Every year, the biggest commercials shown at a particular football game follow a familiar formula. Explain the brand. Land the joke. Tug the heartstrings. Make sure no one has to think too hard.

The Coinbase commercial did none of that. And that is exactly why it worked.

It did not announce itself or rush to make its point. For a moment, you were left wondering who it was even for.

That question was the point.

It Refused to Over-Explain

Most big game ads are allergic to confusion. Brands want clarity within the first five seconds: logos front and center, supported by messaging fully spelled out. Coinbase chose restraint.

The ad trusted viewers to sit with it, get curious and decide for themselves if it was speaking to them. That kind of confidence is rare, especially on the most expensive advertising stage in the world.

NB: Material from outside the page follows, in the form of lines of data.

(* Let $X$ be of $K3^{[n]}$-type, $n\ge2$, $\Lambda:=H^2(X,\mathbb{Z})$, $\alpha\in\Lambda$ a primitive isotropic class, $d:=\gcd\{(\alpha,\lambda):\lambda\in\Lambda\}$, and $Q_\alpha:=\alpha^\perp_\Lambda/\mathbb{Z}\alpha$ with the induced pairing. Let $\iota:\Lambda\hookrightarrow\widetilde{\Lambda}$ be a primitive isometric embedding in the canonical orbit $\iota_X$, $\beta:=\iota(\alpha)$, $v$ a generator of the orthogonal complement of $\iota(\Lambda)$ in $\widetilde{\Lambda}$, $\Lambda_{k3}:=\beta^\perp_{\widetilde{\Lambda}}/\mathbb{Z}\beta$ and $\bar v:=v+\mathbb{Z}\beta\in\Lambda_{k3}$. Then $Q_\alpha$ is isometric to the sublattice $\bar v^\perp$ of $\Lambda_{k3}$, and both are isometric to the orthogonal direct sum $E_8(-1)\oplus E_8(-1)\oplus U\oplus U\oplus\mathbb{Z}\lambda$ with $(\lambda,\lambda)=\frac{2-2n}{d^2}$.
   Context: $K3^{[n]}$-type: deformation equivalent to the Hilbert scheme of $n$ points on a $K3$ surface; $\Lambda$ carries the Beauville-Bogomolov-Fujiki pairing. $U$ is the even unimodular rank $2$ lattice of signature $(1,1)$, $E_8(-1)$ the negative definite $E_8$ lattice, and the Mukai lattice $\widetilde{\Lambda}$ is $E_8(-1)^{\oplus2}\oplus U^{\oplus4}$. By a theorem of Markman, $X$ comes with a natural $O(\widetilde{\Lambda})$-orbit $\iota_X$ of primitive isometric embeddings $H^2(X,\mathbb{Z})\hookrightarrow\widetilde{\Lambda}$. *)

(* Lattices are represented as Z^r (row vectors 'rV[int]_r)
   equipped with a symmetric Gram matrix. *)
From HB Require Import structures.
From mathcomp Require Import all_boot all_order all_algebra.
Set Implicit Arguments. Unset Strict Implicit. Unset Printing Implicit Defensive.
Import Order.TTheory GRing.Theory Num.Theory.
Local Open Scope ring_scope.

Definition bil (R : nzRingType) (r : nat) (G : 'M[R]_r) (x y : 'rV[R]_r) : R :=
  (x *m G *m y^T) 0 0.

Definition osum (R : nzRingType) (m k : nat) (A : 'M[R]_m) (B : 'M[R]_k)
  : 'M[R]_(m + k) := block_mx A 0 0 B.

(* Dynkin diagram of E8 (0-indexed, Bourbaki labelling) *)
Definition adjE8 (i j : nat) : bool :=
  let e a b := ((i == a) && (j == b)) || ((i == b) && (j == a)) in
  [|| e 0 2, e 2 3, e 3 4, e 4 5, e 5 6, e 6 7 | e 1 3]%N.
Lemma ExpZ n P c f : Exp n P (fun t => c * f t) = c * Exp n P f.
Proof. by rewrite /Exp big_distrr; apply: eq_bigr => t _; rewrite mulrCA. Qed.

Lemma subp_wf P b : wf_protocol P -> wf_protocol (subp P b).
Proof. by move=> wfP u hu; apply: wfP; move: hu => /=; case: (rounds P). Qed.

Lemma root_edge_compl P b : wf_protocol P -> (0 < rounds P)%N ->
  edge P [::] b = 0 -> edge P [::] (~~ b) = 1.
Proof. by move=> wfP /(wfP [::])[_]; case: b => /= sum1 e0; lra. Qed.

Definition mu n P b : R := Exp n (subp P b) (Mrec n (subp P b)).

Definition root_factor n P b : R :=
  let eb := edge P [::] b in
  if eb == 0 then 0 else if eb == 1 then 1
  else if ctrlA P [::] || (mu n P b <= mu n P (~~ b)) then 1
  else mu n P (~~ b) / mu n P b.

Lemma Mrec_cons n P b t :
  Mrec n.+1 P (b :: t) = root_factor n P b * Mrec n (subp P b) t.
Proof.
rewrite /= /root_factor /mu.
by case: ifP => _; [rewrite mul0r | case: ifP => _; [|case: ifP => _]; rewrite ?mul1r].
Qed.

Lemma Exp_MrecS n P : Exp n.+1 P (Mrec n.+1 P) =
  \sum_(b : bool) edge P [::] b * (root_factor n P b * mu n P b).
Proof.
rewrite ExpS; apply: eq_bigr => b _; congr (_ * _).
by rewrite /mu -ExpZ; apply: eq_bigr => t _; rewrite Mrec_cons.
Qed.

Lemma Exp_MrecS_ctrlA n P : ctrlA P [::] ->
  Exp n.+1 P (Mrec n.+1 P) = \sum_(b : bool) edge P [::] b * mu n P b.
Proof.
move=> rootA; rewrite Exp_MrecS; apply: eq_bigr => b _; rewrite /root_factor rootA.
by case: eqP => [->|_]; rewrite ?mul0r //; case: eqP; rewrite mul1r.
Qed.

Lemma Exp_MrecS_det n P c : wf_protocol P -> rounds P = n.+1 ->
  edge P [::] c = 1 -> Exp n.+1 P (Mrec n.+1 P) = mu n P c.
Proof.
move=> wfP hn ec; have [_ sum1] := wfP [::] (ltac:(by rewrite hn)).
have enc : edge P [::] (~~ c) = 0 by case: c ec => /= ec; lra.
rewrite Exp_MrecS big_bool /root_factor.
by case: c ec enc => /= -> ->; rewrite !eqxx oner_eq0 /= !mul1r mul0r ?addr0 ?add0r.
Qed.

Lemma Exp_MrecS_ctrlB n P c : wf_protocol P -> rounds P = n.+1 ->
  ~~ ctrlA P [::] -> (forall b, edge P [::] b != 0) ->
  0 <= mu n P c -> mu n P c <= mu n P (~~ c) ->
  Exp n.+1 P (Mrec n.+1 P) = mu n P c.
Proof.
move=> wfP hn rootB e_neq0 mu_c_ge0 mu_c_min.
have [_ sum1] := wfP [::] (ltac:(by rewrite hn)).
have e_neq1 b : edge P [::] b != 1.
  by apply: contra (e_neq0 (~~ b)) => /eqP eb1; apply/eqP; case: b eb1 => /= eb1; lra.
have factor b : root_factor n P b * mu n P b = mu n P c.
  rewrite /root_factor (negbTE (e_neq0 b)) (negbTE (e_neq1 b)) (negbTE rootB) /=.
  elim/(@bool_indN c): b; first by rewrite mu_c_min mul1r.
  rewrite negbK; case: leP => [le_mu|lt_mu].
    by rewrite mul1r; apply: le_anti; rewrite le_mu.
  by rewrite divfK // gt_eqF // (le_lt_trans mu_c_ge0).
rewrite Exp_MrecS; under eq_bigr do rewrite factor.
by rewrite -big_distrl big_bool /= addrC sum1 mul1r.
Qed.

Definition argmin_mu n P c : Prop :=
  edge P [::] c != 0 /\ forall b, edge P [::] b != 0 -> mu n P c <= mu n P b.

Lemma Exp_MrecS_argmin n P : wf_protocol P -> rounds P = n.+1 ->
  ~~ ctrlA P [::] -> (forall b, 0 <= mu n P b) ->
  exists2 c, argmin_mu n P c & Exp n.+1 P (Mrec n.+1 P) = mu n P c.
Proof.
move=> wfP hn rootB mu_ge0.
have det_case b : edge P [::] b = 0 ->
    exists2 c, argmin_mu n P c & Exp n.+1 P (Mrec n.+1 P) = mu n P c.
  move=> eb0; have enb1 := root_edge_compl wfP (ltac:(by rewrite hn)) eb0.
  exists (~~ b); last exact: Exp_MrecS_det enb1.
  split; first by rewrite enb1 oner_eq0.
  by elim/(@bool_indN b); [rewrite eb0 eqxx | move=> _; exact: lexx].
have [e0|e0_neq0] := eqVneq (edge P [::] false) 0; first exact: det_case e0.
have [e1|e1_neq0] := eqVneq (edge P [::] true) 0; first exact: det_case e1.
have e_neq0 b : edge P [::] b != 0 by case: b.
pose c := mu n P true <= mu n P false.
have mu_c_min : mu n P c <= mu n P (~~ c).
  by rewrite /c; case: (leP (mu n P true) (mu n P false)) => [|/ltW].
exists c; last exact: Exp_MrecS_ctrlB.
by split=> //; elim/(@bool_indN c) => _; [exact: lexx | exact: mu_c_min].
Qed.

Definition sub_strategy s b : strategy := fun u => s (b :: u).

Definition join_strategy (c : bool) (sb : bool -> strategy) : strategy :=
  fun u => if u is b :: u' then sb b u' else c.

Lemma val_expE P s :
  Defs.val P s = expE (rounds P) (execE P s) (fun t => (chi P t)%:R).
Proof. by []. Qed.

Lemma valS n P s : rounds P = n.+1 -> Defs.val P s =
  \sum_(b : bool) execE P s [::] b * Defs.val (subp P b) (sub_strategy s b).
Proof.
move=> hn; rewrite val_expE hn expES.
by under [RHS]eq_bigr do rewrite val_expE /= hn.
Qed.

Lemma val_rounds0 P s : rounds P = 0%N -> Defs.val P s = (chi P [::])%:R.
Proof. by move=> h0; rewrite val_expE h0 expE0. Qed.

Lemma valid_rounds0 P s : rounds P = 0%N -> valid P s.
Proof.
move=> h0 u; rewrite h0 leqn0 => /nilP ->.
by rewrite /visit visitE_nil => /eqP; rewrite oner_eq0.
Qed.

Lemma valid_sub P s b : (0 < rounds P)%N -> valid P s -> execE P s [::] b != 0 ->
  valid (subp P b) (sub_strategy s b).
Proof.
move=> rounds_gt0 validP eb_neq0 u hu visit0.
have size_bu : (size (b :: u) <= rounds P)%N.
  by move: hu => /=; case: (rounds P) rounds_gt0.
rewrite /visit in visit0; move: (validP _ size_bu).
rewrite /visit !visitE_cons visit0 mulr0 => /(_ erefl)/eqP.
by rewrite mulf_eq0 (negbTE eb_neq0) => /eqP.
Qed.

Lemma valid_root P s b : (0 < rounds P)%N -> valid P s ->
  edge P [::] b = 0 -> execE P s [::] b = 0.
Proof.
move=> rounds_gt0 validP eb0; have := validP [:: b] rounds_gt0.
by rewrite /visit !visitE_cons !visitE_nil !mulr1; apply.
Qed.

Lemma valid_join P c sb :
  (forall b, edge P [::] b = 0 -> execE P (join_strategy c sb) [::] b = 0) ->
  (forall b, valid (subp P b) (sb b)) -> valid P (join_strategy c sb).
Proof.
move=> root_valid sub_valid [|b u] hu.
  by rewrite /visit visitE_nil => /eqP; rewrite oner_eq0.
rewrite /visit !visitE_cons => /eqP; rewrite mulf_eq0 => /orP[/eqP eb0|/eqP visit0].
  by rewrite root_valid ?mul0r.
by rewrite (sub_valid b u) ?mulr0 //=; case: (rounds P) hu.
Qed.

Definition is_min_val P (x : R) : Prop :=
  (exists2 s, valid P s & Defs.val P s = x) /\
  (forall s, valid P s -> x <= Defs.val P s).

Section RootStep.
Variables (n : nat) (P : protocol R).
Hypotheses (wfP : wf_protocol P) (hn : rounds P = n.+1).
Variable opt : bool -> strategy.
Hypothesis opt_valid : forall b, valid (subp P b) (opt b).
Hypothesis opt_val : forall b, Defs.val (subp P b) (opt b) = mu n P b.
Hypothesis mu_le_val :
  forall b s, valid (subp P b) s -> mu n P b <= Defs.val (subp P b) s.

Let rounds_gt0 : (0 < rounds P)%N. Proof. by rewrite hn. Qed.

Lemma val_join c : Defs.val P (join_strategy c opt) =
  \sum_(b : bool) execE P (join_strategy c opt) [::] b * mu n P b.
Proof. by rewrite (valS _ hn); apply: eq_bigr => b _; rewrite -opt_val. Qed.

Lemma min_val_ctrlA : ctrlA P [::] ->
  is_min_val P (\sum_(b : bool) edge P [::] b * mu n P b).
Proof.
move=> rootA; have execE_root s : execE P s [::] = edge P [::] by rewrite /execE rootA.
split.
  exists (join_strategy false opt); last by rewrite val_join execE_root.
  by apply: valid_join => // b; rewrite execE_root.
move=> s validP; rewrite (valS _ hn) execE_root; apply: ler_sum => b _.
have [->|eb_neq0] := eqVneq (edge P [::] b) 0; first by rewrite !mul0r.
have [eb_ge0 _] := @wfP [::] rounds_gt0.
by rewrite ler_wpM2l // mu_le_val //; apply: valid_sub; rewrite ?execE_root.
Qed.

Lemma min_val_ctrlB c : ~~ ctrlA P [::] -> argmin_mu n P c -> is_min_val P (mu n P c).
Proof.
move=> rootB [ec_neq0 mu_c_min].
have execE_root s b : execE P s [::] b = (s [::] == b)%:R.
  by rewrite /execE (negbTE rootB).
split.
  exists (join_strategy c opt); last first.
    rewrite val_join big_bool !execE_root.
    by case: c {ec_neq0 mu_c_min} => /=; rewrite mul1r mul0r ?addr0 ?add0r.
  apply: valid_join => // b eb0; rewrite execE_root /=.
  by case: eqP => // cb; move: ec_neq0; rewrite cb eb0 eqxx.
move=> s validP; set d := s [::].
have execE_d : execE P s [::] d != 0 by rewrite execE_root eqxx oner_eq0.
have ed_neq0 : edge P [::] d != 0.
  by apply: contra execE_d => /eqP ed0; rewrite (valid_root rounds_gt0 validP ed0).
have -> : Defs.val P s = Defs.val (subp P d) (sub_strategy s d).
  rewrite (valS _ hn) big_bool !execE_root -/d.
  by case: d {execE_d ed_neq0} => /=; rewrite mul1r mul0r ?addr0 ?add0r.
exact: le_trans (mu_c_min _ ed_neq0) (mu_le_val (valid_sub rounds_gt0 validP execE_d)).
Qed.

End RootStep.

Lemma min_val_Exp_Mrec n P : rounds P = n -> wf_protocol P ->
  0 <= Exp n P (Mrec n P) /\ is_min_val P (Exp n P (Mrec n P)).
Proof.
elim: n P => [|n IH] P hn wfP.
  rewrite [Exp _ _ _]expE0 /=; split; first by case: (chi P [::]).
  split=> [|s _]; last by rewrite val_rounds0.
  by exists (fun=> false); [exact: valid_rounds0 | rewrite val_rounds0].
have IHb b := IH (subp P b) (congr1 predn hn) (subp_wf (b := b) wfP).
have mu_ge0 b : 0 <= mu n P b by case: (IHb b).
have [opt opt_spec] : exists opt : bool -> strategy,
    forall b, valid (subp P b) (opt b) /\ Defs.val (subp P b) (opt b) = mu n P b.
  have [_ [[s0 ? ?] _]] := IHb false; have [_ [[s1 ? ?] _]] := IHb true.
  by exists (fun b => if b then s1 else s0); case.
have opt_valid b := (opt_spec b).1; have opt_val b := (opt_spec b).2.
have mu_le_val b := (IHb b).2.2.
case rootA : (ctrlA P [::]).
  rewrite Exp_MrecS_ctrlA //; split; last exact: min_val_ctrlA.
  have [e_ge0 _] := wfP [::] (ltac:(by rewrite hn)).
  by apply: sumr_ge0 => b _; rewrite mulr_ge0.
have [c c_argmin ->] := Exp_MrecS_argmin wfP hn (negbT rootA) mu_ge0.
by split; last exact: min_val_ctrlB (negbT rootA) c_argmin.
Qed.

End Protocols.

Theorem lemma3p12 (R : realFieldType) (P : protocol R) :
  wf_protocol P ->
  is_BestB P (1 - ExpL P (Mdom P)).
Proof.
move=> wfP.
have [_ [[s validP val_s] val_ge]] := min_val_Exp_Mrec (erefl (rounds P)) wfP.
split; first by exists s; rewrite val_s.
by move=> s' validP'; rewrite lerD2l lerN2 val_ge.
Qed.
(* Let $p>3$ be prime, $t\in\{1,3,p,3p\}$, and $1\le r\le 3p-1$ with $\gcd(r,3p)=1$. Then $\Lambda(p,r,t)=\{1\}$ if $r\equiv 2\pmod 3$ and $|r|_p$ is odd, and $\Lambda(p,r,t)=\emptyset$ otherwise.
   Context: $|r|_m$ is the multiplicative order of $r$ modulo $m$ (with $|r|_1=1$). $S_k(x):=1+x+\cdots+x^{k-1}$, $S_0:=0$. For $m\ge1$ with $\gcd(r,m)=1$, $\kappa(m,r,t):=\dfrac{m|r|_m}{\gcd(m,\,tS_{|r|_m}(r))}$. For $d\in\{1,3,p,3p\}$, $\Lambda(d,r,t):=\{\ell>0:\ \ell \text{ divides } \frac{|r|_{3p}}{\gcd(\kappa(d,r,t),|r|_{3p})}\text{ and }\gcd(r^{\ell\kappa(d,r,t)}-1,3p)=d\}$. *)

From mathcomp Require Import all_boot.

(* |r|_m : multiplicative order of r modulo m, i.e. the least k >= 1 with
   r^k = 1 (mod m).  Computed by bounded search over 1..m; whenever
   gcd(r,m)=1 (the only case used) the order is <= totient m <= m, so the
   search finds it.  For m = 1 this gives 1, matching |r|_1 = 1. *)
Definition mord (m r : nat) : nat :=
  nth 0 [seq k <- iota 1 m | r ^ k %% m == 1 %% m] 0.

Definition Ssum (k x : nat) : nat := \sum_(i < k) x ^ i.

Definition kappa (m r t : nat) : nat :=
  (m * mord m r) %/ gcdn m (t * Ssum (mord m r) r).

Definition Lambda (p d r t : nat) (l : nat) : bool :=
  [&& 0 < l,
      l %| mord (3 * p) r %/ gcdn (kappa d r t) (mord (3 * p) r)
    & gcdn (r ^ (l * kappa d r t) - 1) (3 * p) == d].

(* Put o = |r|_p.  Since p | r^n - 1 exactly when o | n, kappa(p,r,t) is o or
   p*o, and every exponent l*kappa makes r^(l*kappa) - 1 divisible by p; so the
   gcd with 3p is p exactly when 3 does not divide r^(l*kappa) - 1, i.e. when
   r = 2 (mod 3) and l*kappa is odd, which forces o and l odd.  In that case
   |r|_{3p} = 2o and gcd(kappa, 2o) = o, so l must divide 2, whence l = 1. *)

From mathcomp Require Import all_boot cyclic.
From mathcomp Require Import zify.

Lemma totient_leq n : totient n <= n.
Proof.
rewrite totient_count_coprime.
apply: (@leq_trans (\sum_(0 <= d < n) 1)); first by apply: leq_sum => d _; exact: leq_b1.
by rewrite sum_nat_const_nat muln1 subn0.
Qed.

Section MultiplicativeOrder.

Variables m r : nat.

Let unit_exp k := r ^ k %% m == 1 %% m.

Lemma mord_min k : 0 < k <= m -> r ^ k = 1 %[mod m] -> mord m r <= k.
Proof.
move=> k_range rk1.
have : k \in [seq i <- iota 1 m | unit_exp i].
  by rewrite mem_filter /unit_exp rk1 eqxx mem_iota; lia.
have : sorted ltn [seq i <- iota 1 m | unit_exp i].
  by apply: sorted_filter; [exact: ltn_trans | exact: iota_ltn_sorted].
rewrite /mord -/unit_exp; case: [seq _ <- _ | _] => [//|j s] /= s_sorted.
rewrite in_cons => /predU1P [-> //|k_s].
exact/ltnW/(allP (order_path_min ltn_trans s_sorted)).
Qed.

Hypotheses (m_gt0 : 0 < m) (r_coprime : coprime r m).

Lemma mord_exp1 : 0 < mord m r <= m /\ r ^ mord m r = 1 %[mod m].
Proof.
have totient_exp : totient m \in [seq i <- iota 1 m | unit_exp i].
  rewrite mem_filter /unit_exp (Euler_exp_totient r_coprime) eqxx mem_iota.
  by have := totient_leq m; have := totient_gt0 m; rewrite m_gt0; lia.
have : mord m r \in [seq i <- iota 1 m | unit_exp i].
  by rewrite /mord -/unit_exp; apply: mem_nth; case: [seq _ <- _ | _] totient_exp.
rewrite mem_filter mem_iota => /andP[/eqP rk1 k_range]; split=> //; lia.
Qed.

Lemma mord_dvd k : (r ^ k == 1 %[mod m]) = (mord m r %| k).
Proof.
have [/andP[o_gt0 o_le] ro1] := mord_exp1.
have exp_mul q : r ^ (mord m r * q) = 1 %[mod m].
  by rewrite expnM -modnXm ro1 modnXm exp1n.
apply/idP/idP => [rk1|/dvdnP[q ->]]; last by rewrite mulnC; apply/eqP.
rewrite /dvdn; apply/negPn/negP => rem_neq0.
have rem_exp1 : r ^ (k %% mord m r) = 1 %[mod m].
  move/eqP: rk1; rewrite {1}(divn_eq k (mord m r)) expnD (mulnC (k %/ _)).
  by rewrite -modnMml exp_mul modnMml mul1n.
have rem_lt := ltn_pmod k o_gt0.
have : mord m r <= k %% mord m r.
  by apply: mord_min => //; rewrite lt0n rem_neq0 /=; lia.
by rewrite leqNgt rem_lt.
Qed.

Lemma mord_dvd_subn1 k : 0 < r -> (m %| r ^ k - 1) = (mord m r %| k).
Proof. by move=> r_gt0; rewrite -mord_dvd eqn_mod_dvd // expn_gt0 r_gt0. Qed.

End MultiplicativeOrder.

Lemma mordM_dvd m n r k : 0 < m -> 0 < n -> coprime m n -> coprime r (m * n) ->
  (mord (m * n) r %| k) = (mord m r %| k) && (mord n r %| k).
Proof.
move=> m_gt0 n_gt0 mn_cop; rewrite coprimeMr => /andP[rm_cop rn_cop].
by rewrite -!mord_dvd ?muln_gt0 ?m_gt0 ?coprimeMr ?rm_cop // chinese_remainder.
Qed.

Lemma mod3_coprime r : coprime r 3 -> r %% 3 = 1 \/ r %% 3 = 2.
Proof.
rewrite -coprime_modl; have : r %% 3 < 3 by rewrite ltn_mod.
by case: (r %% 3) => [|[|[|]]] //; auto.
Qed.

Lemma expn2_mod3 k : 2 ^ k %% 3 = if odd k then 2 else 1.
Proof. by elim: k => [//|k IHk]; rewrite expnS -modnMmr IHk /=; case: (odd k). Qed.

Lemma mord3_dvd r k : coprime r 3 -> (mord 3 r %| k) = (r %% 3 == 1) || ~~ odd k.
Proof.
move=> r_cop; rewrite -mord_dvd // -modnXm.
by case: (mod3_coprime r r_cop) => ->; rewrite ?exp1n ?expn2_mod3 //; case: (odd k).
Qed.

Lemma kappa_prime p r t : prime p ->
  kappa p r t = mord p r \/ kappa p r t = p * mord p r.
Proof.
move=> p_prime; rewrite /kappa.
case/pred2P: ((primeP p_prime).2 _ (dvdn_gcdl p (t * Ssum (mord p r) r))) => ->.
  by right; rewrite divn1.
by left; rewrite mulKn // prime_gt0.
Qed.

Lemma gcdn_mul_prime_eq q p x : prime q -> coprime q p -> p %| x ->
  (gcdn x (q * p) == p) = ~~ (q %| x).
Proof.
move=> q_prime qp_cop /dvdnP[y ->].
have p_gt0 : 0 < p.
  by case: p qp_cop => //; rewrite /coprime gcdn0 => /eqP q1; rewrite q1 in q_prime.
rewrite mulnC (mulnC q) -muln_gcdr -[X in _ == X]muln1 eqn_pmul2l //.
by rewrite Gauss_dvdr // -/(coprime y q) coprime_sym prime_coprime.
Qed.

Lemma mord_mul3_odd p r : prime p -> coprime 3 p -> coprime r (3 * p) ->
  r %% 3 = 2 -> odd (mord p r) -> mord (3 * p) r = 2 * mord p r.
Proof.
move=> p_prime p_cop3 r_cop r_mod3 o_odd.
have r_cop3 : coprime r 3 by move: r_cop; rewrite coprimeMr => /andP[].
have mord3p_dvd k : (mord (3 * p) r %| k) = ~~ odd k && (mord p r %| k).
  by rewrite mordM_dvd ?prime_gt0 // mord3_dvd // r_mod3.
apply/eqP; rewrite eqn_dvd mord3p_dvd oddM /= dvdn_mull //=.
have /andP[M_even o_dvd] : ~~ odd (mord (3 * p) r) && (mord p r %| mord (3 * p) r).
  by rewrite -mord3p_dvd.
by rewrite Gauss_dvd ?coprime2n // dvdn2 M_even.
Qed.

Lemma odd_dvdn2 l : [&& 0 < l, l %| 2 & odd l] = (l == 1).
Proof.
apply/idP/eqP => [/and3P[l_gt0 /dvdn_leq l_le2 l_odd]|-> //].
by move: {l_le2}(l_le2 isT) l_gt0 l_odd; case: l => [|[|[|]]].
Qed.

Theorem lemma5p4 (p t r : nat) :
  prime p -> 3 < p ->
  t \in [:: 1; 3; p; 3 * p] ->
  1 <= r <= 3 * p - 1 -> coprime r (3 * p) ->
  forall l : nat,
    Lambda p p r t l = [&& r %% 3 == 2, odd (mord p r) & l == 1].
Proof.
move=> p_prime p_gt3 _ /andP[r_gt0 _] r_cop l.
have [r_cop3 r_copp] : coprime r 3 /\ coprime r p by apply/andP; rewrite -coprimeMr.
have p_gt0 : 0 < p := prime_gt0 p_prime.
have p_cop3 : coprime 3 p by rewrite prime_coprime // dvdn_prime2 //; lia.
have p_odd : odd p by case: (even_prime p_prime) => // p2; lia.
set o := mord p r; set kap := kappa p r t.
have kap_cases : kap = o \/ kap = p * o := kappa_prime p r t p_prime.
have p_dvd : p %| r ^ (l * kap) - 1.
  rewrite mord_dvd_subn1 // dvdn_mull //.
  by case: kap_cases => ->; rewrite ?dvdn_mull.
rewrite /Lambda -/kap gcdn_mul_prime_eq // mord_dvd_subn1 // mord3_dvd // negb_or negbK.
case: (mod3_coprime r r_cop3) => r_mod3; rewrite r_mod3; first by rewrite !andbF.
have odd_kap : odd kap = odd o by case: kap_cases => ->; rewrite ?oddM ?p_odd.
rewrite oddM odd_kap /=; case: (boolP (odd o)) => o_odd; last by rewrite !andbF.
have gcd_kap : gcdn kap (2 * o) = o.
  case: kap_cases => ->; first by rewrite gcdnMl.
  by rewrite -muln_gcdl (eqP (_ : coprime p 2)) ?mul1n // coprimen2.
by rewrite mord_mul3_odd // -/o gcd_kap (mulnK 2 (odd_gt0 o_odd)) andbT odd_dvdn2.
Qed.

It was not trying to convince skeptics or educate the masses. It simply showed up, said less and let the audience do the work.

Everybody Coinbase

one minute and one second

This Was Not an Accident

Coinbase has done this before. In 2022, it ran a big game ad that was nothing more than a bouncing QR code on a black screen. No voiceover. No explanation. No celebrity. Just curiosity.

The result was massive engagement and a brief site crash from everyone scanning at once.

That ad worked because it did not chase attention. It invited it.

Coinbase did not stop with the broadcast this year either. They extended the creative to the Sphere in Las Vegas. Same stripped-down idea. Same restraint. Just wrapped around one of the largest screens on the planet.

This year’s commercial followed the same philosophy through a different lens. Nostalgia. Simplicity. Participation instead of persuasion.

Simplicity Was the Strategy

While other brands leaned on celebrities, spectacle and emotional storytelling, Coinbase leaned into something almost uncomfortable in its simplicity. Familiar Backstreet Boys lyrics. Minimal visuals. No heavy-handed branding.

It felt more like a shared moment than a pitch.

That choice mattered. It respected the audience. It assumed intelligence. It allowed people to opt in rather than feel sold to.

Even TikTok users posted their living room sing-alongs, with some ending on an audible groan once they realized it was an ad.

@francescarietti @Coinbase ♬ original sound Francesca Rietti

Still, In a media environment where everything is trying to explain itself louder and faster, that restraint felt refreshing.

What I Didn’t Love, and Why It Still Worked

Full transparency, I did not love everything about it. The typefaces made me pause. They are not choices I would instinctively greenlight for a client, and I am not sure I would approve this look in most situations.

But for Coinbase, it worked.

The colors, the looseness and the slightly awkward vibe felt intentional. What might feel wrong for another brand felt right here. It matched Coinbase’s confidence and its long-standing willingness to be a little uncomfortable.

It was a good reminder that great creative is not about personal taste. It is about fit.

Why It Worked Better Than Most

This was my favorite commercial not just because it was different, but because it knew exactly what it was doing.

Coinbase was not trying to appeal to everyone. It did not chase universal approval. It spoke clearly to a specific mindset and trusted the right people would recognize it.

That is confidence. And confidence reads louder than spectacle.

Final Thought(s)

Big game national ads cost millions of dollars, which usually leads brands to play it safe. Coinbase continues to do the opposite.

Sometimes the smartest move is not saying more. It is knowing when to say less.

That is why this one stuck with me.

 

Post Summary: Why the Coinbase Ad Worked

  • The Coinbase commercial succeeded by rejecting traditional big game advertising formulas.
  • Instead of immediate brand explanation or emotional storytelling, the ad embraced curiosity, restraint and viewer participation.
  • The creative trusted audiences to sit with ambiguity and decide for themselves whether the message was meant for them.
  • This approach aligns with Coinbase’s history of confidence-led campaigns that prioritize intrigue over instruction.
  • In a media environment dominated by noise, simplicity and intentional discomfort became the differentiators.